Published for www.time.com, March 28, 2012

Penn: Overturning the healthcare law would be a drastic curtailing of Congressional power that will set off a political firestorm that won’t be good for the Court or the body politic.

The Court would in essence be saying that universal healthcare will either have to be provided to everyone at no charge or that requiring people to pony up for healthcare they need will require a constitutional amendment, just as the income tax needed one back in 1913.

Faith in government institutions is already at a record low. Just last fall Gallup reported that 81% of Americans expressed “historic negativity” towards the U.S. government.
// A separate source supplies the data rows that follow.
(* Near [0] the factor [exp (- t)] is dropped and [t ^ (s - 1)] is integrated exactly. *)
Lemma RInt_gamma_integrand_to_1_le s u : 0 < s -> 0 < u <= 1 ->
  RInt (gamma_integrand s) u 1 <= 1 / s.
Proof.
  intros Hs Hu.
  assert (Hprim : is_RInt (fun t => Rpower t (s - 1)) u 1 (1 / s - Rpower u s / s)).
  { replace (1 / s) with (Rpower 1 s / s)
      by (unfold Rpower; rewrite ln_1, Rmult_0_r, exp_0; reflexivity).
    apply (@is_RInt_derive R_CompleteNormedModule (fun t => Rpower t s / s));
      intros t Ht; rewrite Rmin_left in Ht by lra.
    - unfold Rpower; auto_derive; [lra |].
      replace ((s - 1) * ln t) with (s * ln t + - ln t) by ring.
      rewrite exp_plus, exp_Ropp, exp_ln by lra; field; lra.
    - apply continuous_Rpower_base; lra. }
  apply Rle_trans with (RInt (fun t => Rpower t (s - 1)) u 1).
  - apply RInt_le; [lra | apply ex_RInt_gamma_integrand; lra | eexists; exact Hprim |].
    intros t Ht; unfold gamma_integrand.
    rewrite <- (Rmult_1_r (Rpower t (s - 1))) at 2.
    apply Rmult_le_compat_l; [unfold Rpower; left; apply exp_pos |].
    rewrite <- exp_0; apply exp_le_exp_of_le; lra.
  - rewrite (is_RInt_unique _ _ _ _ Hprim).
    assert (0 < Rpower u s / s) by (apply Rdiv_lt_0_compat; [apply exp_pos | lra]); lra.
Qed.

(* [t ^ (s - 1)] grows slower than [exp (t / 2)]: take [c = |s - 1| + 1] in
   [ln (t / 2c) <= t / 2c - 1]. *)
Lemma gamma_integrand_le_exp_half s :
  exists C, forall t, 1 <= t -> gamma_integrand s t <= exp C * exp (- t / 2).
Proof.
  set (c := Rabs (s - 1) + 1).
  assert (Hc : 0 < c) by (unfold c; pose proof (Rabs_pos (s - 1)); lra).
  exists (c * ln (2 * c) - c); intros t Ht.
  unfold gamma_integrand, Rpower; rewrite <- !exp_plus; apply exp_le_exp_of_le.
  assert (Hlnt : 0 <= ln t) by (rewrite <- ln_1; apply ln_le; lra).
  assert ((s - 1) * ln t <= c * ln t)
    by (apply Rmult_le_compat_r; [| unfold c; pose proof (Rle_abs (s - 1))]; lra).
  assert (Hln : ln t - ln (2 * c) <= t / (2 * c) - 1)
    by (rewrite <- ln_div by lra; apply ln_le_sub_1, Rdiv_lt_0_compat; lra).
  assert (c * (ln t - ln (2 * c)) <= c * (t / (2 * c) - 1)) by (apply Rmult_le_compat_l; lra).
  assert (c * (t / (2 * c) - 1) = t / 2 - c) by (field; lra).
  nra.
Qed.

Lemma RInt_gamma_integrand_from_1_bounded s :
  exists K, forall v, 1 <= v -> RInt (gamma_integrand s) 1 v <= K.
Proof.
  destruct (gamma_integrand_le_exp_half s) as [C HC].
  set (prim := fun t => - 2 * exp C * exp (- t / 2)).
  exists (2 * exp C); intros v Hv.
  assert (Hprim : is_RInt (fun t => exp C * exp (- t / 2)) 1 v (prim v - prim 1)).
  { apply (@is_RInt_derive R_CompleteNormedModule prim); intros t _; unfold prim.
    - auto_derive; [auto | unfold Rdiv; field].
    - apply (@ex_derive_continuous R_AbsRing R_NormedModule); auto_derive; auto. }
  apply Rle_trans with (RInt (fun t => exp C * exp (- t / 2)) 1 v).
  - apply RInt_le; [lra | apply ex_RInt_gamma_integrand; lra | eexists; exact Hprim |].
    intros t Ht; apply HC; lra.
  - rewrite (is_RInt_unique _ _ _ _ Hprim); unfold prim; cbv beta.
    pose proof (exp_pos (- v / 2)); pose proof (exp_pos C).
    assert (exp (- (1) / 2) <= 1) by (rewrite <- exp_0 at 2; apply exp_le_exp_of_le; lra).
    nra.
Qed.

Lemma RInt_gamma_integrand_bounded s : 0 < s ->
  exists M, forall u v, 0 < u -> u <= v -> RInt (gamma_integrand s) u v <= M.
Proof.
  intros Hs; destruct (RInt_gamma_integrand_from_1_bounded s) as [K HK].
  exists (1 / s + K); intros u v Hu Huv.
  assert (0 < Rmin u 1) by (apply Rmin_glb_lt; lra).
  pose proof (Rmin_r u 1); pose proof (Rmin_l u 1).
  pose proof (Rmax_r v 1); pose proof (Rmax_l v 1).
  apply Rle_trans with (RInt (gamma_integrand s) (Rmin u 1) (Rmax v 1)).
  - apply RInt_le_RInt_subinterval; try lra.
    + intros; apply ex_RInt_gamma_integrand; lra.
    + intros; left; apply gamma_integrand_pos; lra.
  - rewrite <- (RInt_Chasles _ (Rmin u 1) 1) by (apply ex_RInt_gamma_integrand; lra).
    pose proof (RInt_gamma_integrand_to_1_le s (Rmin u 1) Hs ltac:(lra)).
    pose proof (HK (Rmax v 1) ltac:(lra)).
    change plus with Rplus; lra.
Qed.

Lemma RInt_gamma_integrand_le_Gamma_pos s : 0 < s ->
  forall u v, 0 < u -> u <= v -> RInt (gamma_integrand s) u v <= Gamma_pos s.
Proof.
  intros Hs; destruct (RInt_gamma_integrand_bounded s Hs) as [M HM].
  destruct (is_RInt_gen_of_bounded_nonneg (at_right 0) (fun t => 0 < t)
              (gamma_integrand s) 1 M) as (l & Hl & Hle); [lra | intros; lra | | | | exact HM |].
  - intros u Hu; exists (mkposreal u Hu); intros a Ha Ha0.
    change (Rabs (a - 0) < u) in Ha; apply Rabs_lt_between in Ha; lra.
  - intros t Ht; left; apply gamma_integrand_pos, Ht.
  - intros u v Hu Hv; apply ex_RInt_gamma_integrand; auto.
  - replace (Gamma_pos s) with l; [exact Hle |].
    symmetry; unfold Gamma_pos; apply (@is_RInt_gen_unique R_CompleteNormedModule); [| | exact Hl].
    + apply Proper_StrongProper, at_right_proper_filter.
    + apply Proper_StrongProper, Rbar_locally_filter.
Qed.

(* On [[1, 2]] the integrand is at least [exp (-2) / 2], whatever [s > 0]. *)
Lemma Gamma_pos_ge s : 0 < s -> exp (-2) / 2 <= Gamma_pos s.
Proof.
  intros Hs.
  apply Rle_trans with (RInt (gamma_integrand s) 1 2);
    [| apply RInt_gamma_integrand_le_Gamma_pos; lra].
  apply Rle_trans with (RInt (fun _ => exp (-2) / 2) 1 2).
  - rewrite RInt_const; unfold scal; simpl; unfold mult; simpl; lra.
  - apply RInt_le; [lra | apply ex_RInt_const | apply ex_RInt_gamma_integrand; lra |].
    intros t Ht; unfold gamma_integrand, Rpower.
    assert (exp (-2) <= exp (- t)) by (apply exp_le_exp_of_le; lra).
    assert (/ 2 <= exp ((s - 1) * ln t)).
    { assert (0 <= ln t) by (rewrite <- ln_1; apply ln_le; lra).
      assert (ln t <= ln 2) by (apply ln_le; lra).
      replace (/ 2) with (exp (- ln 2)) by (rewrite exp_Ropp, exp_ln; lra).
      apply exp_le_exp_of_le; nra. }
    pose proof (exp_pos (-2)); nra.
Qed.

Lemma Gamma_pos_gt0 s : 0 < s -> 0 < Gamma_pos s.
Proof. intros Hs; pose proof (Gamma_pos_ge s Hs); pose proof (exp_pos (-2)); lra. Qed.

Lemma rgamma_of_pos s : 0 < s -> rgamma s = / Gamma_pos s.
Proof.
  intros Hs; unfold rgamma; destruct (archimed (- s)) as [Hup Hup'].
  replace (Z.to_nat (up (- s))) with 0%nat.
  - simpl; rewrite Rplus_0_r; unfold Rdiv; ring.
  - assert (IZR (up (- s)) < 1) as Hlt by lra; apply lt_IZR in Hlt; lia.
Qed.

Lemma rgamma_of_nonpos s : -1 < s <= 0 -> rgamma s = s / Gamma_pos (s + 1).
Proof.
  intros Hs; unfold rgamma; destruct (archimed (- s)) as [Hup Hup'].
  replace (up (- s)) with 1%Z; [simpl; f_equal; ring |].
  assert (IZR (up (- s)) < 2) as Hlt by lra; apply lt_IZR in Hlt.
  assert (0 < IZR (up (- s))) as Hgt by lra; apply lt_IZR in Hgt; lia.
Qed.

Lemma Series_nonneg (a : nat -> R) : (forall n, 0 <= a n) -> ex_series a -> 0 <= Series a.
Proof.
  intros Hpos Hex.
  rewrite <- (Rmult_0_l (Series (fun _ : nat => 0))), <- Series_scal_l.
  apply Series_le; [intros n; rewrite Rmult_0_l; split; [lra | apply Hpos] | exact Hex].
Qed.

Lemma Series_tail_small (a : nat -> R) eps : ex_series a -> 0 < eps ->
  exists N, Rabs (Series (fun k => a (S N + k)%nat)) < eps.
Proof.
  intros Hex Heps.
  destruct (Series_correct _ Hex (ball (Series a) eps)) as [N HN];
    [exists (mkposreal eps Heps); auto |].
  exists N; specialize (HN N (le_n N)).
  change (Rabs (sum_n a N - Series a) < eps) in HN; rewrite sum_n_Reals in HN.
  rewrite (Series_incr_n a (S N)) in HN by (auto with arith); simpl pred in HN.
  rewrite <- Rabs_Ropp.
  replace (- _) with (sum_f_R0 a N - (sum_f_R0 a N + Series (fun k => a (S N + k)%nat))) by ring.
  exact HN.
Qed.

(* The [k]-th coefficient of [I_(mu-1)(2 sqrt w) = w^((mu-1)/2) * sum_k c_k w^k], written
   exactly as it occurs in [BesselI]. *)
Definition besselI_coef (mu : R) (k : nat) : R :=
  rgamma (INR k + (mu - 1) + 1) / INR (Factorial.fact k).

Lemma besselI_coef_of_pos mu k : 0 < INR k + mu ->
  besselI_coef mu k = / (INR (Factorial.fact k) * Gamma_pos (INR k + mu)).
Proof.
  intros Hk; unfold besselI_coef.
  replace (INR k + (mu - 1) + 1) with (INR k + mu) by ring.
  rewrite rgamma_of_pos by exact Hk.
  pose proof (INR_fact_lt_0 k); pose proof (Gamma_pos_gt0 _ Hk).
  field; lra.
Qed.

Lemma INR_S_plus_pos k mu : -1 < mu -> 0 < INR (S k) + mu.
Proof. intros Hmu; rewrite S_INR; pose proof (pos_INR k); lra. Qed.

Lemma besselI_coef_pos mu k : 0 < INR k + mu -> 0 < besselI_coef mu k.
Proof.
  intros Hk; rewrite besselI_coef_of_pos by exact Hk.
  pose proof (INR_fact_lt_0 k); pose proof (Gamma_pos_gt0 _ Hk).
  apply Rinv_0_lt_compat, Rmult_lt_0_compat; assumption.
Qed.

Lemma besselI_coef_S_pos mu k : -1 < mu -> 0 < besselI_coef mu (S k).
Proof. intros Hmu; apply besselI_coef_pos, INR_S_plus_pos, Hmu. Qed.

Lemma besselI_coef_0_of_nonpos mu : -1 < mu <= 0 ->
  besselI_coef mu 0 = mu / Gamma_pos (mu + 1).
Proof.
  intros Hmu; unfold besselI_coef; simpl.
  replace (0 + (mu - 1) + 1) with mu by ring.
  rewrite rgamma_of_nonpos by exact Hmu; field.
  pose proof (Gamma_pos_gt0 (mu + 1) ltac:(lra)); lra.
Qed.

(* The lower bound on [Gamma_pos] makes [|c_k| k!] uniformly bounded. *)
Lemma besselI_coef_abs_le mu k : -1 < mu ->
  Rabs (besselI_coef mu k) <= (Rabs (rgamma mu) + 2 * exp 2) / INR (Factorial.fact k).
Proof.
  intros Hmu; pose proof (INR_fact_lt_0 k); pose proof (exp_pos 2).
  destruct k as [| k].
  - unfold besselI_coef; simpl; replace (0 + (mu - 1) + 1) with mu by ring.
    rewrite Rabs_div, Rabs_R1 by lra; unfold Rdiv; rewrite Rinv_1; lra.
  - pose proof (INR_S_plus_pos k mu Hmu) as Hk.
    pose proof (Gamma_pos_ge _ Hk); pose proof (Gamma_pos_gt0 _ Hk).
    rewrite Rabs_pos_eq by (left; apply besselI_coef_S_pos, Hmu).
    rewrite besselI_coef_of_pos, Rinv_mult by exact Hk.
    assert (/ Gamma_pos (INR (S k) + mu) <= 2 * exp 2).
    { apply Rmult_le_reg_l with (Gamma_pos (INR (S k) + mu)); [lra |].
      rewrite Rinv_r by lra.
      assert (exp (-2) * exp 2 = 1) by (rewrite <- exp_plus, <- exp_0; f_equal; ring).
      nra. }
    assert (0 < / INR (Factorial.fact (S k))) by (apply Rinv_0_lt_compat; lra).
    pose proof (Rabs_pos (rgamma mu)); unfold Rdiv; nra.
Qed.

Lemma besselI_coef_radius mu w : -1 < mu -> Rbar_lt (Rabs w) (CV_radius (besselI_coef mu)).
Proof.
  intros Hmu; set (r := Rabs w + 1); set (A := Rabs (rgamma mu) + 2 * exp 2).
  assert (Hr : 0 <= r) by (unfold r; pose proof (Rabs_pos w); lra).
  assert (Hdisk : CV_disk (besselI_coef mu) r).
  { apply (@ex_series_le R_AbsRing R_CompleteNormedModule)
      with (fun n => A * (r ^ n * / INR (Factorial.fact n))).
    - intros n; change norm with Rabs; simpl.
      rewrite Rabs_Rabsolu, Rabs_mult, (Rabs_pos_eq (r ^ n)) by (apply pow_le, Hr).
      pose proof (besselI_coef_abs_le mu n Hmu) as Hc; pose proof (pow_le r n Hr).
      unfold Rdiv in Hc; fold A in Hc; nra.
    - apply (@ex_series_scal_l R_AbsRing R_NormedModule); exists (exp r); apply is_exp_Reals. }
  apply Rbar_lt_le_trans with r; [simpl; unfold r; lra |].
  apply (proj1 (Lub_Rbar_correct (CV_disk (besselI_coef mu)))), Hdisk.
Qed.

Lemma ex_series_besselI mu w : -1 < mu -> ex_series (fun k => besselI_coef mu k * w ^ k).
Proof.
  intros Hmu.
  apply (@ex_series_ext R_AbsRing R_NormedModule)
    with (2 := CV_radius_inside _ w (besselI_coef_radius mu w Hmu)).
  intros n; rewrite pow_n_pow; unfold scal; simpl; unfold mult; simpl; ring.
Qed.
Yesterday a Bloomberg News poll showed that 75% percent of Americans believe that the Justices’ health care vote will be influenced by their personal politics.

Although this healthcare plan is not popular in recent national polls (47% against in the New York Times/ CBS poll; 42% against in the Washington Post/ ABC poll) such a ruling would put a fork in the ability for Congress to legislate universal healthcare. It would disillusion people even further – Congress doesn’t act much now and when it does it gets overturned. This would be the triple play of gridlock – from the President to Congress to the Court, nothing gets done.

If this suit against the Patient Protection and Affordable Care Act is successful, then perhaps people would want to re-open the requirements for wearing seatbelts or banning kids from sitting in the front seat under age 12. Maybe the mileage standards would have to be rolled back or the EPA standards we have come to rely upon to protect our air. Perhaps we need to reconsider Social Security under similar grounds. Advocates of more states’ rights would use the decision to re-open the debate of the general power and authority of the federal government.